Now, the time-horizon of the politician has been truncated to two years because the mid-term elections have become so important that economic policies must be aimed at getting people re-elected no matter how much chaos is created in the meantime.

Zakaria stated that all that is considered in these elections are current problems and that there is no constituency that represents those people that would be facing problems down the road. But, of course, this plays right into the way that the quote by John Maynard Keynes is interpreted: “In the long run we are all dead.” Focus on the current problems and let people in the future be concerned about dealing with the problems we create for these future generations.

I have written about some of these longer term problems. ( Because the leaders of the United States have been focused on the short run in order to get re-elected they have created policies and programs that have resulted in long term outcomes that we now have to deal with. In this respect, “maybe things have changed” and this requires the leadership to change their economic policies to deal with current problems, not with the problems that they addressed in the past.

By sticking with out-dated policies they continue to make the problem worse and contribute to the reality that keeping on the same track will only make it more difficult to regain full health going forward.

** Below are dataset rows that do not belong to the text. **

(* Let $(K,w_K)$ and $(H,w_H)$ be $(n+1)$-dimensional weighted simplicial complexes such that $(H,w_H)$ is a subcomplex of $(K,w_K)$ and their proper difference $(L,w_L)$ exists, i.e. $L=K$ as simplicial complexes, $w_L=w_K-w_H$ (with $w_H$ extended by $0$ outside $H$), and $\{F\in K:w_L(F)>0\}$ is a simplicial complex. Assume $w_K$ and $w_L$ both satisfy the normalizing condition, and denote by $\Delta^{up}_n(K)$, $\Delta^{up}_n(L)$ the corresponding (normalized) up-Laplacians $\mathcal{L}^{up}_n(K,w_K)$, $\mathcal{L}^{up}_n(L,w_L)$. Let $N=|S_n(K)|$ and let $\lambda_1\le\dots\le\lambda_N$ and $\theta_1\le\dots\le\theta_N$ be the eigenvalues of $\Delta^{up}_n(K)$ and $\Delta^{up}_n(L)$, respectively. Put $D_{\mathcal{W}}=\dim C^{n+1}(H,\mathbb{R})-\dim H^{n+1}(H,\mathbb{R})$ and $D_H=\dim C^n(H,\mathbb{R})$, with the conventions $\lambda_j=0$ for $1-D_{\mathcal{W}}\le j\le 0$ and $\lambda_j=n+2$ for $N+1\le j\le N+D_H$. Then for all $k=1,\dots,N$, $$\lambda_{k-D_{\mathcal{W}}}\le\theta_k\le\lambda_{k+D_H}.$$
   Context: $S_j(K)$ is the set of $j$-faces; $C^j(K,\mathbb{R})$ the real cochains on oriented $j$-faces with coboundary $(\delta_j f)([v_0,\dots,v_{j+1}])=\sum_i(-1)^if([v_0,\dots,\hat v_i,\dots,v_{j+1}])$. A weight function $w:\bigcup_jS_j(K)\to[0,\infty)$ (positive for a weighted complex, zeros allowed for a degenerate one) gives $(f,g)=\sum_{F\in S_j}w(F)f([F])g([F])$ and the formal adjoint $(\delta_j^*\bar f)([F])=\sum_{\bar F\in S_{j+1},\bar F\supset F}\frac{w(\bar F)}{w(F)}\mathrm{sgn}([F],\partial[\bar F])\bar f([\bar F])$ if $w(F)\ne0$, and $0$ if $w(F)=0$, where $\mathrm{sgn}([v_0,..,\hat v_i,..,v_{j+1}],\partial[v_0,..,v_{j+1}])=(-1)^i$. $\mathcal{L}^{up}_n(K,w)=\delta_n^*\delta_n$ on $C^n$. A subcomplex $(H,w_H)$ of $(K,w_K)$ means $H\subseteq K$ a subcomplex and $w_H\le w_K$ on faces of $H$. A weight function $w$ satisfies the normalizing condition if $w(F)=\sum_{\bar F\in S_{n+1}(K),\,F\subset\bar F}w(\bar F)$ for every $F\in S_n(K)$ that is not a facet (maximal face) of $K$; the up-Laplacian for such weights is the normalized up-Laplacian $\Delta^{up}_n$. $H^{n+1}(H,\mathbb{R})$ is simplicial cohomology with real coefficients. *)

From HB Require Import structures.
From mathcomp Require Import all_boot all_order all_algebra.
Set Implicit Arguments. Unset Strict Implicit. Unset Printing Implicit Defensive.
Import Order.TTheory GRing.Theory Num.Theory.
Local Open Scope ring_scope.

Other information on this situation has been attracting our attention recently. Some of this work has been summarized by Tom Friedman in the New York Times this morning. ( Friedman quotes a recently released report of the National Academies called “Rising Above the Gathering Storm Revisited: Rapidly Approaching Category 5”. The subtitle, Friedman writes comes from “The committee’s conclusion…that ‘in spite of the efforts of both those in government and the private sector, the outlook for America to compete for quality jobs has further deteriorated over the past five years.’”

By focusing on the short run goals over the past fifty years, America has fallen from “Number 1” to a less lofty position in the world. And, we are currently seeing the consequences of this decline almost daily. (See and

Then Friedman quotes some of the discouraging results of the study: The United States ranks “sixth in global innovation-based competitiveness, but 40th in rate of change over the last decade; 11th among industrialized nations in the fraction of 25- to 34-year olds who have graduated from high school; 16th in college completion rate; 22nd in broadband Internet access; 24th in life expectancy at birth; 27th among developed nations in the proportion of college students receiving degrees in science or engineering; 48th in quality of K-12 math and science education; and 29th in the number of mobile phones per 100 people.”

You can’t keep America competitive by trying to put people back to work in the jobs they were just laid off from; you can’t keep America competitive by stimulating businesses to continue to use their existing capital base; and you can’t keep America competitive by encouraging them to take advantage of inflation (as in housing and cars and other consumer-based capital goods) rather than by working to be productive and also to become more productive in the future.

Yet, these are all the things that the United States government has been trying to achieve over the past fifty years: putting people back to work in the same jobs they were laid off from; keeping businesses using their same existing capital base; and by encouraging people to leverage up their debt loads and take on more and more risk within an inflationary environment with bubbles popping up here and there.

My prediction is that the economic environment we would like to see is a long way off. “Quantitative Easing” on the part of the Federal Reserve System and further fiscal stimulus on the part of the federal government is just more of the same old medicine that has been tried for fifty years or so. It is an attempt to achieve a “short run” solution.

The sad thing is that more of “the same old medicine” will just exacerbate the longer run problems mentioned by Friedman, the National Academies, and myself in the above cited work. Unfortunately, we are now living in the “long run” as seen by the leaders of the American government over the last fifty years. Are we going to pass this “long run” on to others in a more devastating “long run” of the future?